To get at how to deal with it, separate what your users consider "high priority" from what slurm considers "priority" (which is an actual number used to schedule jobs).

If you manipulate the slurm priority number of a job, you can place it wherever you like in the queue waiting to run. So a "low priority" job to you can have a priority number that is quite high to slurm so it runs next.

In this manner, you can do things to any of the jobs in the queue to place them in the order you want.

Using that approach, you may want to just look at the multifactor priority plugin (https://slurm.schedmd.com/priority_multifactor.html). In particular the Age and Partition factors. Maybe make "low priority" jobs gain priority faster than high priority jobs. So, they may wait, but they will wait a relatively shorter amount of time. There are numerous other factors you can use. If you have accounting and associations configured, you can manipulate it all the way to the association and qos.

Brian Andrus


On 8/17/2020 11:23 PM, Gerhard Strangar wrote:
Brian Andrus wrote:
Most likely, but the specific approach depends on how you define what
you want.
My idea was "high prio job is next unless are are too many of them".

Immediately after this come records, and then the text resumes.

(* Assume the standing setup below. Then for all $r>0$ and all $t\ge2$, $$\log g(r^t)\ge t\log g(r).$$
   Context: Standing setup: $(\delta_n)_{n\in\mathbb N}$ is a sequence with $0<\delta_n<1/2$; $(a_n)_{n\in\mathbb N}$ is a positive strictly increasing sequence; $p_n=\lfloor a_n^{\delta_n/4}/4\rfloor$; and for all $n\in\mathbb N$: (C1) $a_1^{\delta_1/4}\ge4$, $a_{n+1}>a_n^2$, and $a_{n+1}^{\delta_{n+1}/2}>16a_n^{\delta_n}$; (C2) $a_{n+1}^{\delta_{n+1}/16}>a_n^{\delta_n}\log a_{n+1}$. The function $g:[0,\infty)\to[0,\infty)$ is defined by $g(r)=r^3$ for $0\le r<a_1$ and $g(r)=r^3\prod_{n:\,a_n\le r}(1+r/a_n)^{2p_n}$ for $r\ge a_1$. *)

From Stdlib Require Import Reals ZArith ClassicalEpsilon.
Open Scope R_scope.

Definition pn (a delta : nat -> R) (n : nat) : Z :=
  Int_part (Rpower (a n) (delta n / 4) / 4).

Definition gfactor (a delta : nat -> R) (r : R) (n : nat) : R :=
  if Rle_dec (a n) r then Rpower (1 + r / a n) (2 * IZR (pn a delta n)) else 1.

Fixpoint gprod (a delta : nat -> R) (r : R) (N : nat) : R :=
  match N with
  | O => 1
  | S m => gprod a delta r m * gfactor a delta r (S m)
  end.

(* A cutoff N such that a_m > r for all m > N (exists since a_n -> infinity
   under the standing hypotheses); chosen by classical choice, default 0. *)
Definition gcut (a : nat -> R) (r : R) : nat :=
  epsilon (inhabits 0%nat) (fun N => forall m, (N < m)%nat -> r < a m).

(* g(r) = r^3 * prod_{n : a_n <= r} (1 + r/a_n)^(2 p_n)  (empty product if r < a_1) *)
Definition g (a delta : nat -> R) (r : R) : R :=
  r ^ 3 * gprod a delta r (gcut a r).

From Stdlib Require Import Reals Lra Lia ZArith ClassicalEpsilon.
Open Scope R_scope.

(* Write g(r) = r^3 * P(r), where P(r) is the product of the factors
   (1 + r/a_n)^(2 p_n) over the n with a_n <= r.  Since ln((r^t)^3) = t ln(r^3),
   it suffices to compare ln P(r^t) with t ln P(r), and this is done factor by
   factor on a common range 1..N of indices:
   - if a_n <= r, the elementary inequality  t ln(1 + r/a) <= ln(1 + r^t/a)
     holds as soon as r >= a and t ln 2 <= (t-1) ln a, which follows from
     a >= a_1 >= 2^16 and t >= 2;
   - if a_n > r, the factor at r is 1, and every factor at r^t is >= 1.
   The file first proves the real-analysis facts, then the inequality for the
   finite products, then the inequality for g under two abstract hypotheses on
   (a_n) (all a_n >= 2^16, and a_n -> +oo, which makes the cut-off gcut of g
   meaningful), and finally checks that the standing conditions (C1) imply
   these two hypotheses. *)

Lemma ln_le x y : 0 < x -> x <= y -> ln x <= ln y.
Proof. intros Hx [Hxy | <-]; [left; apply ln_increasing |]; lra. Qed.

Lemma ln_nonneg x : 1 <= x -> 0 <= ln x.
Proof. intros Hx; rewrite <- ln_1; apply ln_le; lra. Qed.

(* Real powers are positive (Rpower x y is defined as exp (y ln x)). *)
Lemma Rpower_pos x y : 0 < Rpower x y.
Proof. apply exp_pos. Qed.

Lemma Rpower_ge_base r t : 1 <= r -> 1 <= t -> r <= Rpower r t.
Proof.
  intros Hr Ht. rewrite <- (Rpower_1 r) at 1 by lra. now apply Rle_Rpower.
Qed.

(* The core estimate: for r >= a > 0, ln(1 + r/a) <= ln(2r/a), while
   ln(1 + r^t/a) >= t ln r - ln a; the gap is closed by t ln 2 <= (t-1) ln a. *)
Lemma ln_one_plus_ratio_power a r t :
  0 < a -> a <= r -> 0 <= t -> t * ln 2 <= (t - 1) * ln a ->
  t * ln (1 + r / a) <= ln (1 + Rpower r t / a).
Proof.
  intros Ha Har Ht Hgap.
  assert (Hr : 0 < r) by lra.
  assert (Hratio : 1 <= r / a)
    by (apply (Rmult_le_reg_r a); [lra | field_simplify; lra]).
  assert (Hupper : ln (1 + r / a) <= ln 2 + ln r - ln a).
  { replace (ln 2 + ln r - ln a) with (ln (2 * (r * / a))).
    - apply ln_le; unfold Rdiv in *; lra.
    - assert (0 < / a) by (apply Rinv_0_lt_compat; lra).
      rewrite !ln_mult, ln_Rinv; try lra; apply Rmult_lt_0_compat; lra. }
  assert (Hlower : t * ln r - ln a <= ln (1 + Rpower r t / a)).
  { replace (t * ln r - ln a) with (ln (Rpower r t * / a)).
    - apply ln_le; [apply Rmult_lt_0_compat; [apply Rpower_pos | apply Rinv_0_lt_compat; lra] |].
      unfold Rdiv; lra.
    - rewrite ln_mult, ln_Rinv, ln_Rpower; [lra | lra | apply Rpower_pos | apply Rinv_0_lt_compat; lra]. }
  apply Rmult_le_compat_l with (r := t) in Hupper; [nra | lra].
Qed.

Lemma exponent_gap a t : 16 * ln 2 <= ln a -> 2 <= t -> t * ln 2 <= (t - 1) * ln a.
Proof.
  intros Ha Ht. pose proof ln_lt_2.
  apply Rle_trans with ((t - 1) * (16 * ln 2)); [nra | apply Rmult_le_compat_l; lra].
Qed.

Lemma unit_steps_lower_bound (u : nat -> R) :
  (forall n, (1 <= n)%nat -> u n + 1 <= u (S n)) ->
  forall n, (1 <= n)%nat -> u 1%nat + INR (n - 1) <= u n.
Proof.
  intros Hstep n Hn. induction n as [| n IH]; [lia |].
  destruct n as [| n]; [simpl; lra |].
  specialize (IH ltac:(lia)). specialize (Hstep (S n) ltac:(lia)).
  replace (S (S n) - 1)%nat with (S (S n - 1)) by lia. rewrite S_INR. lra.
Qed.

Lemma pn_nonneg a delta n : 0 <= IZR (pn a delta n).
Proof.
  unfold pn. set (x := Rpower (a n) (delta n / 4) / 4).
  assert (0 < x) by (unfold x; pose proof (Rpower_pos (a n) (delta n / 4)); lra).
  destruct (base_Int_part x) as [_ Hfloor].
  apply IZR_le. cut (-1 < Int_part x)%Z; [lia |].
  apply lt_IZR; simpl; lra.
Qed.

Lemma gfactor_pos a delta r n : 0 < gfactor a delta r n.
Proof. unfold gfactor; destruct Rle_dec; [apply Rpower_pos | lra]. Qed.

Lemma gprod_pos a delta r N : 0 < gprod a delta r N.
Proof.
  induction N; simpl; [lra |].
  apply Rmult_lt_0_compat; [assumption | apply gfactor_pos].
Qed.

Lemma ln_gfactor_nonneg a delta s n : 0 < a n -> 0 <= s -> 0 <= ln (gfactor a delta s n).
Proof.
  intros Ha Hs. unfold gfactor. destruct Rle_dec; [| rewrite ln_1; lra].
  rewrite ln_Rpower. apply Rmult_le_pos.
  - pose proof (pn_nonneg a delta n); lra.
  - apply ln_nonneg.
    assert (0 <= s / a n)
      by (apply Rmult_le_pos; [lra | left; apply Rinv_0_lt_compat; lra]).
    lra.
Qed.

Lemma gprod_stable a delta r N M :
  (forall m, (N < m)%nat -> r < a m) -> (N <= M)%nat ->
  gprod a delta r M = gprod a delta r N.
Proof.
  intros Hbig HNM. induction HNM as [| M HNM IH]; [reflexivity |].
  simpl. rewrite IH. unfold gfactor.
  destruct Rle_dec as [Hle |]; [| lra].
  specialize (Hbig (S M) ltac:(lia)). lra.
Qed.

Section GrowthInequality.

Variables a delta : nat -> R.
Hypothesis Hpos : forall n, (1 <= n)%nat -> 0 < a n.
Hypothesis Hlarge : forall n, (1 <= n)%nat -> 16 * ln 2 <= ln (a n).
Hypothesis Hunbounded : forall r, 0 < r -> exists N, forall m, (N < m)%nat -> r < a m.

(* a_n >= 2^16 forces a_n > 1, hence r^t >= r whenever r >= a_n. *)
Lemma a_gt_1 n : (1 <= n)%nat -> 1 < a n.
Proof.
  intros Hn. pose proof (Hlarge n Hn). pose proof ln_lt_2.
  apply ln_lt_inv; [lra | apply Hpos, Hn | rewrite ln_1; lra].
Qed.

Lemma gfactor_ln_ineq r t n : 0 < r -> 2 <= t -> (1 <= n)%nat ->
  t * ln (gfactor a delta r n) <= ln (gfactor a delta (Rpower r t) n).
Proof.
  intros Hr Ht Hn. pose proof (Hpos n Hn) as Han.
  unfold gfactor at 1. destruct (Rle_dec (a n) r) as [Hle | Hgt].
  - assert (Hrt : a n <= Rpower r t)
      by (pose proof (a_gt_1 n Hn); pose proof (Rpower_ge_base r t); lra).
    unfold gfactor. destruct Rle_dec as [_ |]; [| lra].
    rewrite !ln_Rpower.
    pose proof (ln_one_plus_ratio_power (a n) r t Han Hle ltac:(lra)
                  (exponent_gap (a n) t (Hlarge n Hn) Ht)) as Hcore.
    pose proof (pn_nonneg a delta n).
    apply Rmult_le_compat_l with (r := 2 * IZR (pn a delta n)) in Hcore; lra.
  - rewrite ln_1, Rmult_0_r.
    apply ln_gfactor_nonneg; [lra | left; apply Rpower_pos].
Qed.

Lemma gprod_ln_ineq r t N : 0 < r -> 2 <= t ->
  t * ln (gprod a delta r N) <= ln (gprod a delta (Rpower r t) N).
Proof.
  intros Hr Ht. induction N as [| N IH]; simpl; [rewrite ln_1; lra |].
  rewrite !ln_mult by (apply gprod_pos || apply gfactor_pos).
  pose proof (gfactor_ln_ineq r t (S N) Hr Ht ltac:(lia)). lra.
Qed.

Lemma gcut_spec r : 0 < r -> forall m, (gcut a r < m)%nat -> r < a m.
Proof. intros Hr. unfold gcut. apply epsilon_spec, Hunbounded, Hr. Qed.

Lemma g_as_gprod r N : 0 < r -> (gcut a r <= N)%nat ->
  g a delta r = r ^ 3 * gprod a delta r N.
Proof.
  intros Hr HN. unfold g. f_equal. symmetry.
  apply gprod_stable; [apply gcut_spec |]; assumption.
Qed.

(* The theorem under the abstract hypotheses: compare both values of g on a
   common range of indices past both cut-offs. *)
Theorem ln_g_superhomogeneous r t : 0 < r -> 2 <= t ->
  t * ln (g a delta r) <= ln (g a delta (Rpower r t)).
Proof.
  intros Hr Ht. pose proof (Rpower_pos r t) as Hrt.
  set (N := (gcut a r + gcut a (Rpower r t))%nat).
  rewrite (g_as_gprod r N), (g_as_gprod (Rpower r t) N) by (assumption || lia).
  rewrite !ln_mult by (apply gprod_pos || apply pow_lt; assumption).
  rewrite !ln_pow, ln_Rpower by assumption.
  pose proof (gprod_ln_ineq r t N Hr Ht). simpl INR. lra.
Qed.

End GrowthInequality.

Section StandingConditions.

Variables a delta : nat -> R.
Hypothesis Hdelta : forall n, (1 <= n)%nat -> 0 < delta n < 1 / 2.
Hypothesis Hapos : forall n, (1 <= n)%nat -> 0 < a n.
Hypothesis HC1a : Rpower (a 1%nat) (delta 1%nat / 4) >= 4.
Hypothesis HC1b : forall n, (1 <= n)%nat -> a (S n) > (a n) ^ 2.

(* From a_1^(delta_1/4) >= 4 with delta_1 < 1/2: a_1 >= 4^8 = 2^16. *)
Lemma ln_a1_large : 16 * ln 2 <= ln (a 1%nat).
Proof.
  pose proof (Hdelta 1 (le_n _)) as Hd. pose proof ln_lt_2.
  assert (H4 : ln 4 <= ln (Rpower (a 1%nat) (delta 1%nat / 4))) by (apply ln_le; lra).
  rewrite ln_Rpower in H4.
  replace 4 with (2 * 2) in H4 at 1 by lra. rewrite ln_mult in H4 by lra.
  nra.
Qed.

Lemma a_ge_2 n : (1 <= n)%nat -> 2 <= a n.
Proof.
  induction n as [| n IH]; intros Hn; [lia |]. destruct n as [| n].
  - destruct (Rle_lt_dec 2 (a 1%nat)) as [| Hlt]; [assumption |].
    pose proof ln_a1_large. pose proof ln_lt_2.
    pose proof (ln_increasing _ _ (Hapos 1 (le_n _)) Hlt). lra.
  - specialize (IH ltac:(lia)). pose proof (HC1b (S n) ltac:(lia)). simpl in *. nra.
Qed.

Lemma a_unit_step n : (1 <= n)%nat -> a n + 1 <= a (S n).
Proof.
  intros Hn. pose proof (a_ge_2 n Hn). pose proof (HC1b n Hn). simpl in *. nra.
Qed.

Lemma a_large n : (1 <= n)%nat -> 16 * ln 2 <= ln (a n).
Proof.
  intros Hn. pose proof ln_a1_large.
  pose proof (unit_steps_lower_bound a a_unit_step n Hn). pose proof (pos_INR (n - 1)).
  apply Rle_trans with (ln (a 1%nat)); [assumption |].
  apply ln_le; [apply Hapos, le_n | lra].
Qed.

(* a_n >= n, so a_n exceeds any given r for all large n. *)
Lemma a_unbounded r : 0 < r -> exists N, forall m, (N < m)%nat -> r < a m.
Proof.
  intros Hr. destruct (archimed r) as [Hup _].
  exists (Z.to_nat (up r)). intros m Hm.
  assert (HupN : INR (Z.to_nat (up r)) = IZR (up r)).
  { rewrite INR_IZR_INZ, Z2Nat.id; [reflexivity |].
    apply le_IZR; simpl; lra. }
  pose proof (unit_steps_lower_bound a a_unit_step m ltac:(lia)) as Hlinear.
  rewrite minus_INR in Hlinear by lia. change (INR 1) with 1 in Hlinear.
  apply lt_INR in Hm. pose proof (a_ge_2 1 (le_n _)). lra.
Qed.

End StandingConditions.

Theorem lemma3p5 (a delta : nat -> R)
  (Hdelta : forall n, (1 <= n)%nat -> 0 < delta n < 1 / 2)
  (Hapos : forall n, (1 <= n)%nat -> 0 < a n)
  (Hainc : forall n, (1 <= n)%nat -> a n < a (S n))
  (HC1a : Rpower (a 1%nat) (delta 1%nat / 4) >= 4)
  (HC1b : forall n, (1 <= n)%nat -> a (S n) > (a n) ^ 2)
  (HC1c : forall n, (1 <= n)%nat ->
     Rpower (a (S n)) (delta (S n) / 2) > 16 * Rpower (a n) (delta n))
  (HC2 : forall n, (1 <= n)%nat ->
     Rpower (a (S n)) (delta (S n) / 16) > Rpower (a n) (delta n) * ln (a (S n))) :
  forall r t : R, 0 < r -> 2 <= t ->
    ln (g a delta (Rpower r t)) >= t * ln (g a delta r).
Proof.
  intros r t Hr Ht. apply Rle_ge.
  apply ln_g_superhomogeneous; [exact Hapos | | | exact Hr | exact Ht].
  - exact (a_large a delta Hdelta Hapos HC1a HC1b).
  - exact (a_unbounded a delta Hdelta Hapos HC1a HC1b).
Qed.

For example, what if there are no jobs in high pri queue but many in
low? Should all the low ones run?
Yes.

What should happen if they get started
and use all the nodes and a high-pri request comes in (preemption policy)?
No preemption.

What about the inverse of that?
The inverse of what? All nodes being used by high prio jobs? That's
exactly what I want to avoid.

What if you get a steady stream of
high-pri jobs? How long should low-pri wait before being allowed to run?
As long as it takes. Since I'm trying to avoid high prio jobs consuming
all nodes, it won't take forever. :-)

Does it matter if it is all the same user?1
No.

You can handle much of that type of interaction with job priorities and
a single queue. As you can see, the devil is in the details on how to
define/get what you want.
How do you make sure the single partition doesn't run high prio jobs
only if there's a sufficient amout of those?